In Italia, secondo l’Osservatorio Waste Watcher Internazional, si sono sprecati nel 2024 32 chilogrammi e mezzo a testa. E questo nonostante la povertà alimentare aumenti
Secondo la Fao, l’Organizzazione delle Nazioni Unite per l’alimentazione e l’agricoltura, più di un terzo di tutti gli alimenti prodotti nel mondo va perso o sprecato, oltre due miliardi di tonnellate. Nella sola Unione europea ogni anno vengono buttate 59 milioni di tonnellate di cibo, 131 chili a testa. In Italia, secondo l’Osservatorio Waste Watcher Internazional, si sono sprecati, nel 2024, 32 chilogrammi e mezzo a testa; più al Sud, nelle grandi città e tra il ceto medio basso. Si spreca meno al Nord e nei Comuni di medie dimensioni. Tra i prodotti che finiscono nella spazzatura troviamo soprattutto frutta fresca, insalate, pane e verdure.
In occasione della Giornata nazionale contro lo spreco alimentare, che si celebra oggi 5 febbraio, il rapporto dell’Osservatorio fotografa un’Italia più sprecona nonostante l’aumento della povertà alimentare. Lo spreco alimentare domestico vale oltre 139 euro a testa l’anno, per un costo totale lungo tutta la filiera di oltre 14 miliardi (quello domestico supera gli 8 miliardi) e più di 4 milioni e mezzo di tonnellate gettate.

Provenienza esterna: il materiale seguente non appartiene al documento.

(* Let $G_H$ be a finite undirected multigraph (parallel edges allowed, no self-loops) with vertex set $V$ and edge set partitioned as $E = S \sqcup S^c$ into secure edges $S$ and insecure edges $S^c$, and let $0 < p_J^{S^c} \le p_J^{S} \le p_I$ be real costs satisfying $p_J^{S^c} < p_I/2$ and $p_J^{S} + p_J^{S^c} < p_I$. Give weight $p_J^{S}$ to secure edges and $p_J^{S^c}$ to insecure edges, and let $C^*$ be a cut of minimum weight among cuts containing at least one insecure edge. Then the attack $(C^*, J, I)$ with $I = \{e\}$ for some insecure edge $e \in C^*$ and $J = C^*\setminus \{e\}$ (all other secure and insecure edges of $C^*$ jammed) is an optimal detectable generalized attack in $G_H$.
   Context: For a nonempty proper subset $U \subsetneq V$, the cut $\delta(U)$ is the set of edges with exactly one endpoint in $U$; a cut of $G_H$ is any set of this form. The costs are: $p_J^{S^c}$ per jammed insecure edge, $p_J^S$ per jammed secure edge, $p_I$ per insecure edge with injected data. A generalized attack is a triple $(C,J,I)$ where $C$ is a cut, $J \subseteq C$ is the set of jammed edges, and $I \subseteq (C \cap S^c)\setminus J$ is a nonempty set of injected edges; its cost is $p_J^{S}|J\cap S| + p_J^{S^c}|J \cap S^c| + p_I |I|$. The attack is detectable if $2|I| > |C \setminus J|$ (the injected edges form a strict majority of the non-jammed edges of the cut). An optimal detectable generalized attack is one of minimum cost among all detectable generalized attacks. *)

From mathcomp Require Import all_boot all_order all_algebra.
Set Implicit Arguments. Unset Strict Implicit. Unset Printing Implicit Defensive.
Import Order.TTheory GRing.Theory Num.Theory.
Local Open Scope ring_scope.

(* A finite undirected multigraph: finite vertex type V, finite edge type E,
   and an endpoint map [ends : E -> V * V] (the order of the pair is
   irrelevant for all notions below). Parallel edges are distinct elements
   of E with the same endpoints. *)

Section Defs.
Variables (V E : finType) (ends : E -> V * V).

Definition loopless : Prop := forall e : E, (ends e).1 != (ends e).2.

Definition cut_of (U : {set V}) : {set E} :=
  [set e | ((ends e).1 \in U) != ((ends e).2 \in U)].

Definition is_cut (C : {set E}) : Prop :=
  exists U : {set V}, [/\ U != set0, U != setT & C = cut_of U].

Variable S : {set E}.

Definition gen_attack (C J I : {set E}) : Prop :=
  [/\ is_cut C, J \subset C, I \subset (C :&: ~: S) :\: J & I != set0].

Variable R : realFieldType.
Variables (pJS pJSc pI : R).

Definition attack_cost (J I : {set E}) : R :=
  pJS * #|J :&: S|%:R + pJSc * #|J :&: ~: S|%:R + pI * #|I|%:R.

Definition detectable (C J I : {set E}) : bool :=
  (#|C :\: J| < 2 * #|I|)%N.

Definition optimal_detectable_attack (C J I : {set E}) : Prop :=
  [/\ gen_attack C J I, detectable C J I &
      forall C' J' I', gen_attack C' J' I' -> detectable C' J' I' ->
        attack_cost J I <= attack_cost J' I'].

Definition cut_weight (C : {set E}) : R :=
  pJS * #|C :&: S|%:R + pJSc * #|C :&: ~: S|%:R.

Definition min_insecure_cut (C : {set E}) : Prop :=
  [/\ is_cut C, C :&: ~: S != set0 &
      forall C', is_cut C' -> C' :&: ~: S != set0 -> cut_weight C <= cut_weight C'].

End Defs.

(* Any detectable attack (C, J, I) injects on k >= 1 insecure edges of C and leaves
   fewer than 2k edges of C unjammed, at least k of them insecure.  Weighing the
   unjammed edges against the cut weight shows that its cost is at least
   w(C) - pJSc + pI, where w is the cut weight.  Since C contains an insecure edge,
   w(C) >= w(Cstar), and jamming all of Cstar except one insecure edge e, injecting on e,
   costs exactly w(Cstar) - pJSc + pI. *)

From mathcomp Require Import all_boot all_order all_algebra.
From mathcomp Require Import lra zify.
Set Implicit Arguments. Unset Strict Implicit. Unset Printing Implicit Defensive.
Import Order.TTheory GRing.Theory Num.Theory.
Local Open Scope ring_scope.

Lemma cardsI_subD (T : finType) (C J A : {set T}) : J \subset C ->
  #|C :&: A| = (#|J :&: A| + #|(C :\: J) :&: A|)%N.
Proof.
move=> sJC; rewrite -(cardsID J (C :&: A)).
congr (_ + _)%N; apply: eq_card => x; rewrite !inE.
  by case: (boolP (x \in J)) => [/(subsetP sJC)->|]; rewrite ?andbF ?andbT.
by case: (x \in J); case: (x \in C); case: (x \in A).
Qed.

Lemma unjammed_cost_bound (R : realFieldType) (a b p : R) (c d k : nat) :
  0 <= b -> b <= a -> a + b <= p ->
  (k <= d)%N -> (c + d < 2 * k)%N ->
  a * c%:R + b * d%:R - b + p <= p * k%:R.
Proof.
move=> b0 ba abp kd cdk.
have cd_le : c%:R + d%:R + 1 <= 2 * k%:R :> R.
  have : (c + d + 1 <= 2 * k)%N by lia.
  by rewrite -(ler_nat R) natrM !natrD.
have d_ge : k%:R <= d%:R :> R by rewrite ler_nat.
have k_ge : 1 <= k%:R :> R by rewrite ler1n; lia.
have e1 : a * c%:R <= a * (2 * k%:R - 1 - d%:R) by apply: ler_wpM2l; lra.
have e2 : (a - b) * k%:R <= (a - b) * d%:R by apply: ler_wpM2l; lra.
have e3 : (a + b) * (k%:R - 1) <= p * (k%:R - 1) by apply: ler_wpM2r; lra.
lra.
Qed.

Section DetectableAttacks.
Variables (V E : finType) (ends : E -> V * V) (S : {set E}).
Variables (R : realFieldType) (pJS pJSc pI : R).

Local Notation w := (cut_weight S pJS pJSc).
Local Notation cost := (attack_cost S pJS pJSc pI).

Lemma cut_weightID (C J : {set E}) : J \subset C -> w C = w J + w (C :\: J).
Proof.
move=> sJC; rewrite /cut_weight !(cardsI_subD _ sJC) !natrD.
by rewrite !mulrDr addrACA.
Qed.

Lemma attack_costE (J I : {set E}) : cost J I = w J + pI * #|I|%:R.
Proof. by []. Qed.

Lemma gen_attack_insecure_cut (C J I : {set E}) :
  gen_attack ends S C J I -> C :&: ~: S != set0.
Proof.
case=> _ _ sI /set0Pn[x xI]; apply/set0Pn; exists x.
by move: (subsetP sI x xI); rewrite !inE => /and3P[_ -> ->].
Qed.

Hypotheses (pJSc_ge0 : 0 <= pJSc) (pJSc_le_pJS : pJSc <= pJS)
  (pJS_pJSc_le_pI : pJS + pJSc <= pI).

Lemma detectable_attack_cost_ge (C J I : {set E}) :
  gen_attack ends S C J I -> detectable C J I ->
  w C - pJSc + pI <= cost J I.
Proof.
move=> [_ sJC sI _] det; rewrite attack_costE (cut_weightID sJC).
set U := C :\: J.
have sizeU : #|U| = (#|U :&: S| + #|U :&: ~: S|)%N.
  by rewrite -(cardsID S U) setDE.
have I_le : (#|I| <= #|U :&: ~: S|)%N.
  apply: subset_leq_card; apply: (subset_trans sI).
  by apply/subsetP => x; rewrite !inE => /and3P[-> -> ->].
have := unjammed_cost_bound (c := #|U :&: S|) pJSc_ge0 pJSc_le_pJS pJS_pJSc_le_pI I_le.
rewrite -sizeU => /(_ det); rewrite /cut_weight; lra.
Qed.

Lemma setD_setD1 (C : {set E}) (e : E) : e \in C -> C :\: (C :\ e) = [set e].
Proof. by move=> eC; rewrite setDDr setDv set0U; apply/setIidPr; rewrite sub1set. Qed.

Lemma single_injection_costE (C : {set E}) (e : E) :
  e \in C :&: ~: S -> cost (C :\ e) [set e] = w C - pJSc + pI.
Proof.
rewrite !inE => /andP[eC eNS].
have sub : C :\ e \subset C := subsetDl C [set e].
rewrite attack_costE (cut_weightID sub) setD_setD1 // cards1 /cut_weight.
have -> : [set e] :&: S = set0.
  by apply/setP => x; rewrite !inE; case: eqP => // ->; apply/negbTE.
have -> : [set e] :&: ~: S = [set e] by apply/setIidPl; rewrite sub1set inE.
rewrite cards0 cards1; lra.
Qed.

Lemma single_injection_detectable_attack (C : {set E}) (e : E) :
  is_cut ends C -> e \in C :&: ~: S ->
  gen_attack ends S C (C :\ e) [set e] /\ detectable C (C :\ e) [set e].
Proof.
move=> cutC eCNS; have /setIP[eC _] := eCNS.
split; last by rewrite /detectable setD_setD1 // cards1.
split=> //; first exact: subsetDl.
  by rewrite sub1set inE eCNS !inE eqxx.
by apply/set0Pn; exists e; rewrite inE.
Qed.

End DetectableAttacks.

Theorem theorem7 (V E : finType) (ends : E -> V * V) (S : {set E})
    (R : realFieldType) (pJS pJSc pI : R) (Cstar : {set E}) (e : E) :
  loopless ends ->
  0 < pJSc -> pJSc <= pJS -> pJS <= pI ->
  pJSc < pI / 2%:R -> pJS + pJSc < pI ->
  min_insecure_cut ends S pJS pJSc Cstar ->
  e \in Cstar :&: ~: S ->
  optimal_detectable_attack ends S pJS pJSc pI Cstar (Cstar :\ e) [set e].
Proof.
move=> _ pJSc_gt0 pJSc_le_pJS _ _ cost_lt [cutC _ minC] eCNS.
have [attack det] := single_injection_detectable_attack cutC eCNS.
split=> // C J I attack' det'.
have w_le : cut_weight S pJS pJSc Cstar <= cut_weight S pJS pJSc C.
  by case: (attack') => cutC' _ _ _; apply: minC (gen_attack_insecure_cut attack').
have := detectable_attack_cost_ge (ltW pJSc_gt0) pJSc_le_pJS (ltW cost_lt) attack' det'.
rewrite single_injection_costE //; lra.
Qed.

“Mancano soltanto cinque anni al 2030 e ne sono già trascorsi dieci dall’adozione dell’Agenda 2030 da parte delle Nazioni Unite che chiedeva di dimezzare lo spreco di cibo”, ha ricordato Andrea Segrè, fondatore della giornata nazionale e direttore scientifico dell’Osservatorio. “Per questo nel 2025 la Giornata lancia la sua sfida a tutti gli italiani: per arrivare nel 2030 a uno spreco di 369 grammi settimanali, dobbiamo ridurre di 13 chili il cibo sprecato nelle nostre case. Una sfida ambiziosa, nella quale possiamo cimentarci con lo Sprecometro, che ogni giorno misura non solo lo spreco del cibo ma anche la nostra impronta ambientale, lo preco dell’acqua e le emissioni correlate al cibo gettato”.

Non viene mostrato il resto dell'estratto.